Suitable amorphous polymer components thus typically have an enthalpy of fusion ΔH2(A) of less than 10 J/g, preferably of less than 8 J/g and especially preferably of less than 5 J/g, in each case measured by means of differential scanning calorimetry (DSC) according to ISO 11357-4:2014.
Component (A) of the invention typically has a glass transition temperature (TG(A)), where the glass transition temperature (TG(A)) is typically in the range from 90 to 150° C., preferably in the range from 92 to 148° C. and especially preferably in the range from 94 to 146° C., determined by means of ISO 11357-2:2014.
The polyamide 6I/6T used in accordance with the invention typically has a glass transition temperature (TG(6I/6T)), where the glass transition temperature (TG(6I/6T)) is typically in the range from 120 to 130° C., preferably in the range from 122 to 129° C. and especially preferably in the range from 123 to 128° C., determined by means of ISO 11357-2:2014.
The polyamide DT/DI used in accordance with the invention typically has a glass transition temperature (TG(DT/DI)), where the glass transition temperature (TG(DT/DI)) is typically in the range from 140 to 150° C., preferably in the range from 141 to 148° C. and especially preferably in the range from 142 to 147° C., determined by means of ISO 11357-2:2014.
Suitable polyamides 6I/6T may comprise any desired proportions of 6I and 6T structural units. Preferably, the molar ratio of 6I structural units to 6T structural units is in the range from 1:1 to 3:1, more preferably in the range from 1.5:1 to 2.5:1 and especially preferably in the range from 1.8:1 to 2.3:1.

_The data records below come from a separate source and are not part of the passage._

(* Let $(X(n),V(n))_{n\ge0}$ be a solution of the discrete Motsch–Tadmor model (as in the context), and assume there is an integer $n^\infty>0$ with $\|\Delta^x(n)\|_F\le M$ for all $n<n^\infty$ and $\|\Delta^x(n^\infty)\|_F>M$. Let $s_0<s_1<\dots<s_K$ be the distinct elements of the set $\{\|\Delta^x(n)\|_F:\ 0\le n\le n^\infty,\ \|\Delta^x(n)\|_F\ge\|\Delta^x(0)\|_F\}$, listed in increasing order. Then $s_0=\|\Delta^x(0)\|_F$, $s_K=\|\Delta^x(n^\infty)\|_F$, and \[ \sum_{q=0}^{K-1}(s_{q+1}-s_q)\,\psi(s_q)\le\sum_{n=0}^{n^\infty-1}\big(\|\Delta^x(n+1)\|_F-\|\Delta^x(n)\|_F\big)\,\psi(\|\Delta^x(n)\|_F). \]
   Context: Discrete MT model: fix $N\ge1$, $d\ge1$, $\kappa>0$, $h>0$, and $a:[0,\infty)\to\mathbb{R}$ with constants $0<c_1\le c_2$, $c_1\le a\le c_2$, $|a(r_1)-a(r_2)|\le L_a|r_1-r_2|$ ($L_a>0$); $0<h<\min\{1,1/\kappa\}$. A solution satisfies $x_i(n+1)=x_i(n)+hv_i(n)$, $v_i(n+1)=v_i(n)+h\kappa\sum_j\phi_{ij}(n)(v_j(n)-v_i(n))$ with $\phi_{ij}(n)=\frac{a(\|x_i(n)-x_j(n)\|)}{\sum_ka(\|x_i(n)-x_k(n)\|)}$, $x_i,v_i\in\mathbb{R}^d$. Notation: $\|\Delta^x(n)\|_F=(\sum_{i,j}\|x_i(n)-x_j(n)\|^2)^{1/2}$. Constants: $\|\phi\|_{\mathrm{Lip}}=\frac{L_a}{Nc_1}(1+\frac{c_2}{c_1})$, $M=\frac{1}{4N\|\phi\|_{\mathrm{Lip}}}$, $\psi(s)=1-\|\phi\|_{\mathrm{Lip}}Ns$. *)

From HB Require Import structures.
From mathcomp Require Import all_boot all_order all_algebra.
From mathcomp Require Import reals.
Set Implicit Arguments. Unset Strict Implicit. Unset Printing Implicit Defensive.
Import Order.TTheory GRing.Theory Num.Theory.
Local Open Scope ring_scope.

Section MT.
Variable R : realType.

Definition enorm (d : nat) (v : 'rV[R]_d) : R :=
  Num.sqrt (\sum_(k < d) (v 0 k) ^+ 2).

Definition mt_phi (N d : nat) (a : R -> R) (x : 'I_N -> 'rV[R]_d) (i j : 'I_N) : R :=
  a (enorm (x i - x j)) / \sum_(k < N) a (enorm (x i - x k)).

Definition MT_solution (N d : nat) (kappa h : R) (a : R -> R)
    (x v : nat -> 'I_N -> 'rV[R]_d) : Prop :=
  forall (n : nat) (i : 'I_N),
    x n.+1 i = x n i + h *: v n i /\
    v n.+1 i = v n i + (h * kappa) *: \sum_(j < N) (mt_phi a (x n) i j *: (v n j - v n i)).

Definition DeltaF (N d : nat) (x : nat -> 'I_N -> 'rV[R]_d) (n : nat) : R :=
  Num.sqrt (\sum_(i < N) \sum_(j < N) (enorm (x n i - x n j)) ^+ 2).

Definition phiLip (N : nat) (c1 c2 La : R) : R :=
  La / (N%:R * c1) * (1 + c2 / c1).

Definition Mconst (N : nat) (c1 c2 La : R) : R :=
  1 / (4 * N%:R * phiLip N c1 c2 La).

Definition psi (N : nat) (c1 c2 La : R) (s : R) : R :=
  1 - phiLip N c1 c2 La * N%:R * s.

Definition level_seq (N d : nat) (x : nat -> 'I_N -> 'rV[R]_d) (ninf : nat) : seq R :=
  sort <=%R (undup [seq DeltaF x n | n <- iota 0 ninf.+1 & DeltaF x 0 <= DeltaF x n]).

End MT.

From mathcomp Require Import all_boot all_order all_algebra.
From mathcomp Require Import reals ring lra.
Import Order.TTheory GRing.Theory Num.Theory.
Local Open Scope ring_scope.

(** The statement concerns only the real sequence u n := ||Delta^x(n)||_F,
    whose last value u(n^oo) is its maximum.
    Since psi is affine with slope -c <= 0, a weighted sum of increments
    telescopes:
      sum (u_{i+1} - u_i) psi(u_i) = G(end) - G(start) + c/2 sum (u_{i+1} - u_i)^2
    with G(t) = t - c t^2 / 2.  The two sides of the inequality have the same
    endpoints, so it suffices to compare the sums of squared increments.  Every
    gap (s_q, s_{q+1}) between consecutive levels is crossed by some step
    u_n <= s_q < s_{q+1} <= u_{n+1}, and the gaps crossed by a single step
    are disjoint subintervals of it, so their squares add up to at most the
    square of that step. *)

Lemma exists_crossing (P : pred nat) m :
  P 0%N -> ~~ P m -> exists2 n, (n < m)%N & P n && ~~ P n.+1.
Proof.
move=> P0; elim: m => [|m IHm]; first by rewrite P0.
case Pm: (P m) => notPm1; first by exists m; rewrite // Pm.
by have [n lt_nm Pn] := IHm (negbT Pm); exists n => //; apply: ltnW.
Qed.

Section LevelSequence.
Variable R : realFieldType.
Implicit Types (u : nat -> R) (c lo hi : R).

Lemma sum_increments_affine_weight c u n :
  \sum_(i < n) (u i.+1 - u i) * (1 - c * u i) =
  (u n - c / 2 * u n ^+ 2) - (u 0%N - c / 2 * u 0%N ^+ 2)
  + c / 2 * \sum_(i < n) (u i.+1 - u i) ^+ 2.
Proof.
elim: n => [|n IHn]; first by rewrite !big_ord0; ring.
rewrite !big_ord_recr /= IHn.
have two_neq0 : (2 : R) != 0 by rewrite pnatr_eq0.
by field.
Qed.

Lemma sum_gaps_within_le u K lo hi : lo <= hi ->
  (forall q, (q < K)%N -> u q <= u q.+1) ->
  \sum_(q < K | (lo <= u q) && (u q.+1 <= hi)) (u q.+1 - u q) <= hi - lo.
Proof.
move=> le_lo_hi u_mono; pose clamp y := Num.max lo (Num.min hi y).
have clamp_mono y z : y <= z -> clamp y <= clamp z.
  by move=> le_yz; rewrite le_max2 ?le_min2.
have clamp_id y : lo <= y <= hi -> clamp y = y.
  by case/andP=> lo_y y_hi; rewrite /clamp (min_r y_hi) (max_r lo_y).
have clamp_range y : lo <= clamp y <= hi.
  by rewrite le_max lexx ge_max le_lo_hi ge_min lexx ?orbT.
apply: (@le_trans _ _ (\sum_(q < K) (clamp (u q.+1) - clamp (u q)))).
  rewrite big_mkcond /=; apply: ler_sum => q _; have le_uq := u_mono q (ltn_ord q).
  case: ifP => [/andP[lo_uq uq1_hi]|_]; last by rewrite subr_ge0 clamp_mono.
  by rewrite !clamp_id ?lo_uq ?uq1_hi ?(le_trans lo_uq) ?(le_trans le_uq).
rewrite -(big_mkord xpredT (fun q => clamp (u q.+1) - clamp (u q))) telescope_sumr //.
by have := clamp_range (u K); have := clamp_range (u 0%N); lra.
Qed.

Lemma sum_sq_gaps_within_le u K lo hi : lo <= hi ->
  (forall q, (q < K)%N -> u q <= u q.+1) ->
  \sum_(q < K | (lo <= u q) && (u q.+1 <= hi)) (u q.+1 - u q) ^+ 2 <= (hi - lo) ^+ 2.
Proof.
move=> le_lo_hi u_mono.
apply: (@le_trans _ _ (\sum_(q < K | (lo <= u q) && (u q.+1 <= hi))
                        (u q.+1 - u q) * (hi - lo))).
  apply: ler_sum => q /andP[lo_uq uq_hi]; rewrite expr2 ler_wpM2l //.
    by rewrite subr_ge0 u_mono.
  lra.
rewrite -mulr_suml expr2 ler_wpM2r ?subr_ge0 //.
exact: sum_gaps_within_le.
Qed.

(* [level_seq x] is [levels (DeltaF x)] up to conversion. *)
Definition levels u m : seq R :=
  sort <=%R (undup [seq u n | n <- iota 0 m.+1 & u 0%N <= u n]).

Variables (u : nat -> R) (m : nat).
Local Notation s := (levels u m).

Lemma mem_levelsP w :
  reflect (exists2 n, (n <= m)%N & u 0%N <= u n /\ w = u n) (w \in s).
Proof.
rewrite mem_sort mem_undup; apply: (iffP mapP) => [[n]|[n le_nm [u0_le ->]]].
  by rewrite mem_filter mem_iota ltnS => /andP[u0_le /andP[_ le_nm]] ->; exists n.
by exists n; rewrite // mem_filter mem_iota ltnS u0_le le_nm.
Qed.

Lemma levels_ge_start w : w \in s -> u 0%N <= w.
Proof. by case/mem_levelsP=> n _ [u0_le ->]. Qed.

Lemma mem_levels_start : u 0%N \in s.
Proof. by apply/mem_levelsP; exists 0%N. Qed.

Lemma levels_nth_le {i j} : (i <= j)%N -> (j < size s)%N -> nth 0 s i <= nth 0 s j.
Proof.
move=> le_ij lt_js; apply: (sorted_leq_nth le_trans lexx) => //.
  by apply: sort_sorted; apply: le_total.
by rewrite inE (leq_ltn_trans le_ij).
Qed.

Lemma levels_nth0 : nth 0 s 0 = u 0%N.
Proof.
have s_u0 := mem_levels_start.
have size_gt0 : (0 < size s)%N by case: (s) s_u0.
apply/le_anti/andP; split; last exact/levels_ge_start/mem_nth.
by rewrite -{1}(nth_index 0 s_u0) levels_nth_le ?index_mem.
Qed.

Lemma levels_nth_last : (forall n, (n <= m)%N -> u n <= u m) ->
  nth 0 s (size s).-1 = u m.
Proof.
move=> u_max; have s_u0 := mem_levels_start.
have s_um : u m \in s by apply/mem_levelsP; exists m; rewrite ?u_max.
have size_gt0 : (0 < size s)%N by case: (s) s_u0.
have last_lt : ((size s).-1 < size s)%N by rewrite prednK.
apply/le_anti/andP; split.
  by have /mem_levelsP[n le_nm [_ ->]] := mem_nth 0 last_lt; apply: u_max.
by rewrite -{1}(nth_index 0 s_um) levels_nth_le // -ltnS prednK // index_mem.
Qed.

Lemma levels_gap_crossed {q} : (q.+1 < size s)%N -> nth 0 s q < nth 0 s q.+1 ->
  exists2 n, (n < m)%N & u n <= nth 0 s q /\ nth 0 s q.+1 <= u n.+1.
Proof.
move=> lt_qs gap_pos.
have /mem_levelsP[j le_jm [_ sq1_eq]] := mem_nth 0 lt_qs.
have u0_le : u 0%N <= nth 0 s q by rewrite -levels_nth0 levels_nth_le // ltnW.
have [n lt_nj /andP[un_le]] : exists2 n, (n < j)%N &
    (u n <= nth 0 s q) && ~~ (u n.+1 <= nth 0 s q).
  by apply: exists_crossing; rewrite // -sq1_eq -ltNge.
rewrite -ltNge => lt_un1.
have s_un1 : u n.+1 \in s.
  by apply/mem_levelsP; exists n.+1; rewrite ?(leq_trans lt_nj) //; split=> //; lra.
exists n; first exact: leq_trans lt_nj le_jm.
split=> //; rewrite -(nth_index 0 s_un1) levels_nth_le ?index_mem //.
rewrite ltnNge; apply/negP => le_idx_q.
by have := levels_nth_le le_idx_q (ltnW lt_qs); rewrite nth_index // leNgt lt_un1.
Qed.

Lemma sum_sq_level_gaps_le :
  \sum_(q < (size s).-1) (nth 0 s q.+1 - nth 0 s q) ^+ 2
    <= \sum_(n < m) (u n.+1 - u n) ^+ 2.
Proof.
have lt_q1s q : (q < (size s).-1)%N -> (q.+1 < size s)%N.
  by rewrite -ltn_predRL.
pose crosses n q := (Num.min (u n) (u n.+1) <= nth 0 s q) &&
                    (nth 0 s q.+1 <= Num.max (u n) (u n.+1)).
apply: (@le_trans _ _ (\sum_(q < (size s).-1) \sum_(n < m)
    (if crosses n q then (nth 0 s q.+1 - nth 0 s q) ^+ 2 else 0))).
  apply: ler_sum => q _; have lt_qs := lt_q1s q (ltn_ord q).
  have sum_ge0 : 0 <= \sum_(n < m)
      (if crosses n q then (nth 0 s q.+1 - nth 0 s q) ^+ 2 else 0).
    by apply: sumr_ge0 => n _; case: ifP => // _; apply: sqr_ge0.
  have := levels_nth_le (leqnSn q) lt_qs; rewrite le_eqVlt => /orP[/eqP eq_gap|gap_pos].
    by rewrite {1}eq_gap subrr expr2 mulr0.
  have [n lt_nm [un_le le_un1]] := levels_gap_crossed lt_qs gap_pos.
  rewrite (bigD1 (Ordinal lt_nm)) //= ifT; last first.
    by rewrite /crosses ge_min un_le le_max le_un1 orbT.
  rewrite lerDl; apply: sumr_ge0 => i _; case: ifP => // _; apply: sqr_ge0.
rewrite exchange_big /=; apply: ler_sum => n _; rewrite -big_mkcond /=.
have -> : (u n.+1 - u n) ^+ 2 = (Num.max (u n) (u n.+1) - Num.min (u n) (u n.+1)) ^+ 2.
  by case: lerP => _ //; rewrite -sqrrN opprB.
apply: sum_sq_gaps_within_le; first by rewrite ge_min !le_max lexx.
by move=> q /lt_q1s; apply: levels_nth_le.
Qed.

Lemma levels_sum_affine_weight_le c : 0 <= c ->
  (forall n, (n <= m)%N -> u n <= u m) ->
  \sum_(q < (size s).-1) (nth 0 s q.+1 - nth 0 s q) * (1 - c * nth 0 s q)
    <= \sum_(n < m) (u n.+1 - u n) * (1 - c * u n).
Proof.
move=> c_ge0 u_max.
rewrite (sum_increments_affine_weight c (nth 0 s)) sum_increments_affine_weight.
rewrite levels_nth0 levels_nth_last // lerD2l ler_wpM2l ?sum_sq_level_gaps_le //.
by rewrite divr_ge0.
Qed.

End LevelSequence.

Lemma phiLip_ge0 (R : realType) N (c1 c2 La : R) :
  0 <= c1 -> 0 <= c2 -> 0 <= La -> 0 <= phiLip N c1 c2 La.
Proof.
move=> c1_ge0 c2_ge0 La_ge0.
by rewrite /phiLip mulr_ge0 ?addr_ge0 ?divr_ge0 ?mulr_ge0 //.
Qed.

Theorem lemmaA1 (R : realType) (N d : nat) (kappa h c1 c2 La : R) (a : R -> R)
    (x v : nat -> 'I_N -> 'rV[R]_d) (ninf : nat) :
  (1 <= N)%N -> (1 <= d)%N -> 0 < kappa -> 0 < h -> h < 1 -> h < 1 / kappa ->
  0 < c1 -> c1 <= c2 -> 0 < La ->
  (forall r, 0 <= r -> c1 <= a r /\ a r <= c2) ->
  (forall r1 r2, 0 <= r1 -> 0 <= r2 -> `|a r1 - a r2| <= La * `|r1 - r2|) ->
  MT_solution kappa h a x v ->
  (0 < ninf)%N ->
  (forall n, (n < ninf)%N -> DeltaF x n <= Mconst N c1 c2 La) ->
  Mconst N c1 c2 La < DeltaF x ninf ->
  let s := level_seq x ninf in
  let K := (size s).-1 in
  nth 0 s 0 = DeltaF x 0 /\
  nth 0 s K = DeltaF x ninf /\
  \sum_(q < K) (nth 0 s q.+1 - nth 0 s q) * psi N c1 c2 La (nth 0 s q)
    <= \sum_(n < ninf) (DeltaF x n.+1 - DeltaF x n) * psi N c1 c2 La (DeltaF x n).
Proof.
move=> _ _ _ _ _ _ c1_gt0 le_c12 La_gt0 _ _ _ _ below_M above_M s K.
have DeltaF_max n : (n <= ninf)%N -> DeltaF x n <= DeltaF x ninf.
  rewrite leq_eqVlt => /orP[/eqP-> //|lt_n].
  exact: ltW (le_lt_trans (below_M n lt_n) above_M).
have c_ge0 : 0 <= phiLip N c1 c2 La * N%:R.
  by rewrite mulr_ge0 ?phiLip_ge0 //; lra.
split; first exact: levels_nth0.
split; first exact: levels_nth_last.
exact: levels_sum_affine_weight_le c_ge0 DeltaF_max.
Qed.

The MVR (275° C./5 kg) (melt volume flow rate) of suitable polyamides 6I/6T is preferably in the range from 10 mL/10 min to 200 mL/10 min, more preferably in the range from 40 mL/10 min to 150 mL/10 min.
The zero shear rate viscosity no of suitable polyamides 6I/6T at 240° C. is, for example, in the range from 300 to 5000 Pas, preferably in the range from 500 to 3500 Pas. Zero shear rate viscosity no is determined with a “DHR-1” rotary viscometer from TA Instruments and a plate-plate geometry with a diameter of 25 mm and a plate separation of 1 mm. Samples of polyamide 6I/6T are dried at 80° C. under reduced pressure for 7 days and these are then analyzed with a time-dependent frequency sweep (sequence test) with an angular frequency range of 500 to 0.5 rad/s. The following further analysis parameters were used: deformation: 1.0%, analysis temperature: 240° C., analysis time: 20 min, preheating time after sample preparation: 1.5 min.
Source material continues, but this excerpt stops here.